What are the effects of medical interventions for chronic rhinosinusitis on people with cystic fibrosis?
Chronic rhinosinusitis is long-term infection and inflammation of the nasal cavity and air-filled spaces around the eyes and nose. Cystic fibrosis is a genetic condition that makes secretions in the body thick, and hence stagnant. When this occurs in and around the nose, it causes chronic rhinosinusitis. Better care of people with cystic fibrosis has led to them living longer, increasing the chance of developing chronic rhinosinusitis. Early and effective interventions with antibiotics, steroids, drugs that thin the mucus (e.g. dornase alfa) and drugs to improve how the cell membrane channel functions (CFTR modulators) can help to improve quality of life and prevent the development of lower airway disease. Currently, there are no guidelines based on trials to know how best to treat chronic rhinosinusitis in people with cystic fibrosis.
The evidence is current to: 09 September 2021.
We found no trials in our search that met our inclusion criteria. We have listed 12 trials as excluded and one trial as ongoing in the current review.
Although chronic rhinosinusitis is common in people with cystic fibrosis, there is not enough evidence available on its management. This review highlights the need for well-designed trials assessing which treatment is best for managing chronic rhinosinusitis, preventing lower airway disease and improving quality of life in people with cystic fibrosis.
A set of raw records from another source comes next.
Lemma sq_integrable_integrable T t f : t <= T -> sq_integrable leb `[0, T] f ->
  leb.-integrable `[0, t] (EFin \o f).
Proof.
move=> tT Lf; have L1 : sq_integrable leb `[0, T] (fun=> 1 : R).
  by apply: (@sq_integrable_bounded _ _ _ 1) => // _; rewrite expr1n.
have If : leb.-integrable `[0, T] (EFin \o f).
  apply: (eq_integrable _ _ _ _ (integrable_mul _ Lf L1)) => //.
  by move=> x _; rewrite /= mulr1.
by apply: integrableS If => //; apply: subset_itv; rewrite bnd_simp.
Qed.

Lemma H1_0T_lin T s f df u g : H1_0T T f df -> H1_0T T u g ->
  H1_0T T (fun t => s * f t + u t) (fun t => s * df t + g t).
Proof.
move=> [Ldf hf] [Lg hu]; split; first exact: sq_integrable_lin.
move=> t /andP[t0 tT].
have Idf := sq_integrable_integrable tT Ldf; have Ig := sq_integrable_integrable tT Lg.
rewrite RintegralD ?RintegralZl //; last exact: integrableZl_EFin.
by rewrite hf ?t0 ?tT // hu ?t0 ?tT //; ring.
Qed.

Lemma H1_0TZ T c f df : H1_0T T f df -> H1_0T T (fun t => c * f t) (fun t => c * df t).
Proof.
move=> [Ldf hf]; split; first exact: sq_integrableZ.
move=> t /andP[t0 tT].
by rewrite RintegralZl ?(sq_integrable_integrable tT Ldf) // hf ?t0 ?tT // mulrDr.
Qed.

Lemma H1_0T_continuous T f df : 0 <= T -> H1_0T T f df -> {within `[0, T], continuous f}.
Proof.
move=> T0 [Ldf hf].
have cF : {within `[0, T], continuous (fun t => f 0 + \int[leb]_(x in `[0, t]) df x)}.
  have cI := parameterized_integral_continuous T0 (sq_integrable_integrable (lexx T) Ldf).
  by move=> t; exact: (continuousD (@cst_continuous _ _ (f 0) t) (cI t)).
apply: subspace_eq_continuous cF => t /set_mem; rewrite /= in_itv /= => /hf ft.
exact: esym ft.
Qed.

Lemma H1_0T_sq_integrable T f df : 0 <= T -> H1_0T T f df -> sq_integrable leb `[0, T] f.
Proof.
move=> T0 /(H1_0T_continuous T0) cf; apply: sq_integrableP => //.
  exact: subspace_continuous_measurable_fun.
apply: continuous_compact_integrable; first exact: segment_compact.
by move=> x; apply: continuousM; exact: cf.
Qed.

Lemma H1_0T_sin_bump T p L : 0 < L -> 0 <= p -> H1_0T T (sin_bump p L) (sin_bump_deriv p L).
Proof.
move=> L0 p0; split; first exact: sq_integrable_sin_bump_deriv.
by move=> t /andP[t0 _]; exact: sin_bump_FTC.
Qed.

End H1_interval.

Section nonvanishing_continuous.
Context {R : realType}.

Lemma within_continuousM (A : set R) (f g : R -> R) : {within A, continuous f} ->
  {within A, continuous g} -> {within A, continuous (fun x => f x * g x)}.
Proof. by move=> cf cg x; apply: continuousM; [exact: cf | exact: cg]. Qed.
We identified no eligible trials assessing the medical interventions in people with cystic fibrosis and chronic rhinosinusitis. High-quality trials are needed which should assess the efficacy of different treatment options detailed above for managing chronic rhinosinusitis, preventing pulmonary exacerbations and improving quality of life in people with cystic fibrosis.
Chronic rhinosinusitis frequently occurs in people with cystic fibrosis. Several medical interventions are available for treating chronic rhinosinusitis in people with cystic fibrosis; for example, different concentrations of nasal saline irrigations, topical or oral corticosteroids, antibiotics - including nebulized antibiotics - dornase alfa and modulators of the cystic fibrosis transmembrane conductance regulator (CFTR) (such as lumacaftor, ivacaftor or tezacaftor). However, the efficacy of these interventions is unclear.
This is an update of a previously published review.
The objective of this review is to compare the effects of different medical interventions in people diagnosed with cystic fibrosis and chronic rhinosinusitis.
We searched the Cochrane Cystic Fibrosis Trials Register, compiled from electronic database searches and hand searching of journals and conference abstract books. Date of last search of trials register: 09 September 2021.
We also searched ongoing trials databases, other medical databases and the reference lists of relevant articles and reviews. Date of latest additional searches: 22 November 2021.
Randomized and quasi-randomized trials of different medical interventions compared to each other or to no intervention or to placebo.
Two review authors independently assessed trials identified for potential inclusion in the review. We planned to conduct data collection and analysis in accordance with Cochrane methods and to independently rate the quality of the evidence for each outcome using the GRADE guidelines.
We identified no trials that met the pre-defined inclusion criteria. The most recent searches identified 44 new references, none of which were eligible for inclusion in the current version of this review; 12 studies are listed as excluded and one as ongoing.